First, we need to select the embedded JSON script element:

{
  "type": "schema",
  "selector": {
    "type": "css",
    "css_selector": "script[type='application/ld+json']:-soup-contains(Product)"
  },
  "fields": { ... }
}

The :-soup-contains(Product) suffix helps select the specific JSON containing "@type": "Product" when multiple LD+JSON scripts exist on the page.

Field-by-Field Breakdown

Show Simple top-level fields (url, name, category, sku, description)

These fields exist at the top level of the JSON and can be extracted directly using JSON path.Parser for url:

{
  "type": "terminal",
  "extractor": {
    "type": "json",
    "path": "url",
    "post_processor": {
      "type": "url"
    }
  }
}

Parser for name:

{
  "type": "terminal",
  "extractor": {
    "type": "json",
    "path": "name"
  }
}

Explanation:

JSON Extractor: Uses JSONPath expressions to navigate the JSON structure
Path: Simple field names for top-level values (e.g., "url", "name", "sku")
Post-processor: url post-processor ensures URLs are properly formatted

The same pattern applies to category, sku, and description fields.

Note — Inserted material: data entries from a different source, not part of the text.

Lemma homeo_onto_image_sub {X Y : topologicalType} (f : X -> Y) (P C : set X) :
  continuous f -> (forall O, open O -> open (f @` O)) -> open P ->
  {in P &, injective f} -> C `<=` P -> homeo_onto_image f C.
Proof.
move=> cf fopen oP finj CP; split.
- exact: continuous_subspaceT.
- by move=> x y /set_mem/CP/mem_set Px /set_mem/CP/mem_set Py; exact: finj.
- move=> V oV; exists (f @` (P `&` V)); split; first by apply/fopen/openI.
  apply/seteqP; split=> [_ [c [Cc Vc] <-]|_ [[c Cc <-] [q [Pq Vq] fqc]]].
    by split; exists c => //; split => //; exact: CP.
  exists c => //; split => //.
  by rewrite -(finj q c (mem_set Pq) (mem_set (CP c Cc)) fqc).
Qed.

Section DeckTransformations.
Context {X Y : topologicalType} (p : X -> Y).

Lemma covering_map_open : covering_map p -> forall O, open O -> open (p @` O).
Proof.
case=> _ _ ev O oO; apply: open_local => _ [u Ou <-].
have [U [oU Upu [I [V [_ _ pre sheet]]]]] := ev (p u).
have : (p @^-1` U) u by [].
rewrite pre => -[i _ Viu]; have [[_ _ hop] pVi] := sheet i.
have [W [oW eW]] := hop O oO.
exists (U `&` W); split; first exact: openI.
- by rewrite -pVi -eW; exists u.
- by rewrite -pVi -eW => y [x [_ Ox] <-]; exists x.
Qed.

Lemma deck_proj h x : deck p h -> p (h x) = p x.
Proof. by case=> _ _ ph; rewrite -{2}ph. Qed.

Lemma deck_id : deck p id.
Proof.
have cid : continuous (@id X) by move=> ?.
by split => //; exists id.
Qed.

Lemma deck_inverse h : deck p h -> exists hi, [/\ deck p hi, cancel h hi & cancel hi h].
Proof.
move=> [ch [hi [chi hK hiK]] ph]; exists hi; split => //; split => //.
  by exists h.
apply/funext => y /=.
by have /= := congr1 (fun f => f (hi y)) ph; rewrite hiK => ->.
Qed.

Lemma deck_image_separation h (L A B : set X) : deck p h ->
  separation L A B -> separation (h @` L) (h @` A) (h @` B).
Proof.
move=> [_ [hi [chi hK hiK]] _] sAB.
have himg (D : set X) : h @` D = hi @^-1` D.
  apply/seteqP; split=> [_ [d Dd <-]|y Dhy]; first by rewrite /preimage /= hK.
  by exists (hi y).
rewrite !himg; apply: separation_preimage => // y.
by exists (h y).
Qed.

(* The set where two deck transformations agree is open (they agree on a
   whole sheet) and closed (X is Hausdorff). *)
Lemma deck_eq h k z : hausdorff_space X -> connected [set: X] -> covering_map p ->
  deck p h -> deck p k -> h z = k z -> h = k.
Proof.
move=> hX cX [_ _ ev] dh dk hkz.
have [ch _ _] := dh; have [ck _ _] := dk.
pose E := [set w | h w = k w].
have oE : open E.
  apply: open_local => w Ew.
  have [U [_ Upw [I [V [oV _ pre sheet]]]]] := ev (p w).
  have : (p @^-1` U) (h w) by rewrite /preimage /= deck_proj.
  rewrite pre => -[j _ Vjhw]; have [[_ pinj _] _] := sheet j.
  exists (h @^-1` V j `&` k @^-1` V j); split.
  - by apply: openI; apply/(continuousP _).1.
  - by split; rewrite /preimage //= -Ew.
  - move=> u [Vhu Vku]; apply: pinj; rewrite ?inE //.
    by rewrite !deck_proj.
have cE : closed E.
  rewrite -openC; apply: open_local => w /= nEw.
  move: hX; rewrite open_hausdorff => /(_ (h w) (k w)).
  case; first exact/eqP.
  move=> [A B] /= [hA kB] [oA oB /eqP AB].
  exists (h @^-1` A `&` k @^-1` B); split.
  - by apply: openI; apply/(continuousP _).1.
  - by split; rewrite /preimage /=; apply/set_mem.
  - move=> u [Ahu Bku] /= Eu.
    have : (A `&` B) (h u) by split => //; rewrite Eu.
    by rewrite AB.
have ET : E = setT.
  apply: cX; first by exists z.
  - by exists E => //; rewrite setTI.
  - by exists E => //; rewrite setTI.
by apply/funext => w; have : E w by rewrite ET.
Qed.

End DeckTransformations.

Section ClosedLift.
Variables (R : realType) (X Y : topologicalType) (p : X -> Y).
Variables (g : R -> Y) (g' : R -> X).
Hypotheses (hausX : hausdorff_space X) (connX : connected [set: X])
  (covp : covering_map p)
  (regp : forall x1 x2 : X, p x1 = p x2 -> exists h, deck p h /\ h x1 = x2)
  (simple_g : forall s t : R, g s = g t -> exists k : int, s - t = k%:~R)
  (closed_g' : closed_curve g') (lift_g' : p \o g' = g).

Local Notation curve_preimage := (p @^-1` range g).

Lemma lift_proj t : p (g' t) = g t.
Proof. by rewrite -lift_g'. Qed.

Lemma lift_range_sub : range g' `<=` curve_preimage.
Proof. by move=> _ [t _ <-]; exists t; rewrite ?lift_proj. Qed.

Lemma deck_curve_preimage h x : deck p h -> curve_preimage (h x) = curve_preimage x.
Proof. by move=> dh; rewrite /preimage /= deck_proj. Qed.

Lemma translate_sub_preimage h : deck p h -> h @` range g' `<=` curve_preimage.
Proof.
by move=> dh _ [x gx <-]; rewrite deck_curve_preimage //; exact: lift_range_sub.
Qed.

Lemma translate_connected h : deck p h -> connected (h @` range g').
Proof.
move=> [ch _ _]; apply: connected_continuous_connected.
  exact: closed_curve_range_connected.
exact: continuous_subspaceT.
Qed.

Lemma preimage_sub_translates w :
  curve_preimage w -> exists h, deck p h /\ (h @` range g') w.
Proof.
move=> [t _ gtw].
have [h [dh hw]] : exists h, deck p h /\ h (g' t) = w.
  by apply: regp; rewrite lift_proj.
by exists h; split => //; exists (g' t).
Qed.

(* Since [g] is simple, [h (g' a) = k (g' b)] forces [g' a = g' b]. *)
Lemma translate_meet_eq h k w : deck p h -> deck p k ->
  (h @` range g') w -> (k @` range g') w -> h = k.
Proof.
move=> dh dk [_ [a _ <-] <-] [_ [b _ <-]] hkab.
apply: (deck_eq (z := g' a) hausX connX covp dh dk); rewrite -hkab; congr k.
apply: (periodic_eq_of_simple simple_g closed_g'.2).
by rewrite -!lift_proj -(deck_proj (g' b) dk) hkab deck_proj.
Qed.

Lemma translates_disjoint h k : deck p h -> deck p k -> h <> k ->
  h @` range g' `&` k @` range g' = set0.
Proof.
move=> dh dk hk; apply/disjoints_subset => w Lw Kw.
exact/hk/(translate_meet_eq dh dk Lw Kw).
Qed.

Lemma clean_side_injective P Q : separation (range g') P Q ->
  P `<=` ~` curve_preimage -> {in P &, injective p}.
Proof.
move=> sPQ Pclean x1 x2 /set_mem Px1 /set_mem Px2 /regp [h [dh hx12]].
have [hid|hid] := pselect (h = id); first by rewrite -hx12 hid.
have L0 : range g' !=set0 by exists (g' 0), 0.
have L0h : range g' `&` h @` range g' = set0.
  rewrite -[X in X `&` _]image_id translates_disjoint //; first exact: deck_id.
  by move=> /esym.
have PL : P `<=` ~` (h @` range g').
  by move=> v /Pclean + /(translate_sub_preimage dh).
have hPL0 : h @` P `<=` ~` range g'.
  move=> _ [a Pa <-] /lift_range_sub.
  by rewrite deck_curve_preimage //; exact: Pclean.
have /disjoints_subset PhP := separation_sides_disjoint connX sPQ
  (deck_image_separation dh sPQ) PL hPL0 L0h L0.
by exfalso; apply: (PhP _ Px2); rewrite -hx12; exists x1.
Qed.

Variables P0 Q0 : set X.
Hypothesis sepP0Q0 : separation (range g') P0 Q0.

(* A side [A] of a translate that meets the preimage of [g] contains a whole
   translate [L']; the side of [L'] away from the first translate lies in [A]
   and misses the point of [L'] over [g 0]. *)
Lemma separation_shrink h A B : deck p h -> separation (h @` range g') A B ->
  A `&` curve_preimage !=set0 ->
  exists h' A' B', [/\ deck p h', separation (h' @` range g') A' B', A' `<=` A &
    exists v, [/\ p v = g 0, A v & ~ A' v]].
Proof.
move=> dh sAB [w [Aw /preimage_sub_translates [h' [dh' L'w]]]].
have LL' : h @` range g' `&` h' @` range g' = set0.
  apply: translates_disjoint => // hh'.
  by apply: (separation_subC sAB Aw); rewrite hh'.
have L'L : h' @` range g' `<=` ~` (h @` range g').
  by apply/disjoints_subset; rewrite setIC.
have L'A : h' @` range g' `<=` A.
  apply: (connected_separation_sub sAB (translate_connected dh') L'L).
  by exists w.
have [A' [B' [sA'B' LB']]] :
    exists A' B', separation (h' @` range g') A' B' /\ h @` range g' `<=` B'.
  apply: separation_connected_side (deck_image_separation dh' sepP0Q0)
    (translate_connected dh) _ _.
  - by apply/disjoints_subset.
  - by exists (h (g' 0)), (g' 0) => //; exists 0.
have L'g'0 : (h' @` range g') (h' (g' 0)) by exists (g' 0) => //; exists 0.
exists h', A', B'; split => //.
  apply: (separation_side_nested connX sAB sA'B' LB' L'A LL').
  by exists (h' (g' 0)).
exists (h' (g' 0)); split; first by rewrite deck_proj // lift_proj.
  exact: L'A L'g'0.
by move=> A'v; exact: separation_subC sA'B' _ A'v L'g'0.
Qed.

Lemma clean_separation : finite_set (p @^-1` [set g 0]) ->
  exists P Q, separation (range g') P Q /\ P `<=` ~` curve_preimage.
Proof.
move=> /finite_seqP [s fibre].
pose over_g0 (A : set X) := count (fun v => `[< A v >]) s.
suff [h [A [B [dh sAB Aclean]]]] : exists h A B, [/\ deck p h,
    separation (h @` range g') A B & A `<=` ~` curve_preimage].
  have [hi [dhi hK _]] := deck_inverse dh.
  exists (hi @` A), (hi @` B); split.
    have := deck_image_separation dhi sAB.
    by rewrite image_comp (_ : hi \o h = id) ?image_id //; apply/funext.
  by move=> _ [a Aa <-]; rewrite /setC /preimage /= deck_proj //; exact: Aclean.
have sep0 : separation (id @` range g') P0 Q0 by rewrite image_id.
have [n] := ubnP (over_g0 P0).
elim: n (@id X) P0 Q0 (deck_id p) sep0 => // n IH h A B dh sAB ltAn.
have [meet|clean] := pselect (A `&` curve_preimage !=set0); last first.
  by exists h, A, B; split => // a Aa Ga; apply: clean; exists a.
have [h' [A' [B' [dh' sA'B' A'A [v [pv Av nA'v]]]]]] := separation_shrink dh sAB meet.
apply: (IH h' A' B') => //; rewrite -ltnS (leq_trans _ ltAn) // ltnS.
apply: count_lt_subpred => [x /asboolP/A'A/asboolP //|].
apply/hasP; exists v; first by have : [set` s] v by rewrite -fibre.
by apply/andP; split; [apply/asboolPn|apply/asboolP].
Qed.
End ClosedLift.

Unset Implicit Arguments.
Theorem lemma3p4 (R : realType) (S S' : topologicalType) (p : S' -> S)
  (g : R -> S) (g' : R -> S') :
  is_surface R S -> is_surface R S' ->
  simple_closed_curve g -> separating g ->
  abelian_covering p -> finite_sheeted p ->
  closed_curve g' -> p \o g' = g ->
  separating g' ->
  exists x : S', ~ range g' x /\
    homeo_onto_image p (connected_component (~` range g') x).
Proof.
move=> _ [hausS' connS' _] [_ simple_g] _ [[covp regp] _] fin closed_g' lift_g' sep_g'.
have [P0 [Q0 sP0Q0]] :=
  separation_of_disconnected (closed_curve_range_closed hausS' closed_g') sep_g'.
have [P [Q [sPQ Pclean]]] := clean_separation hausS' connS' covp regp simple_g
  closed_g' lift_g' sP0Q0 (fin (g 0)).
have [[oP _] [x Px] _ _ _] := sPQ.
exists x; split; first exact: separation_subC sPQ _ Px.
have [contp _ _] := covp.
apply: (homeo_onto_image_sub contp (covering_map_open covp) oP).
- exact: (clean_side_injective hausS' connS' covp regp simple_g closed_g' lift_g' sPQ Pclean).
- apply: (connected_separation_sub sPQ (@component_connected _ _ x)).
    exact: connected_component_sub.
  exists x; split => //; apply: connected_component_refl.
  exact: separation_subC sPQ _ Px.
Qed.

Show Nested fields (brand, price, currency, rating_score, rating_count)

These fields are nested within objects in the JSON. We use dot notation in JSONPath to access them.Parser for brand:In the JSON, brand is an object:

{
  "brand": {
    "@type": "Brand",
    "name": "HatsonCatsCrochet"
  }
}

We want the name field inside brand:

{
  "type": "terminal",
  "extractor": {
    "type": "json",
    "path": "brand.name"
  }
}

Parser for price:

{
  "type": "terminal",
  "extractor": {
    "type": "json",
    "path": "offers.price",
    "post_processor": {
      "type": "number"
    }
  }
}

Parser for rating_score:

{
  "type": "terminal",
  "extractor": {
    "type": "json",
    "path": "aggregateRating.ratingValue",
    "post_processor": {
      "type": "number"
    }
  }
}

Explanation:

Nested Path: Use dot notation to access nested fields (e.g., "brand.name", "offers.price")
Number Post-processor: Converts string numbers to actual number types
JSONPath: Follow the object hierarchy: offers.price means “get the price field from the offers object”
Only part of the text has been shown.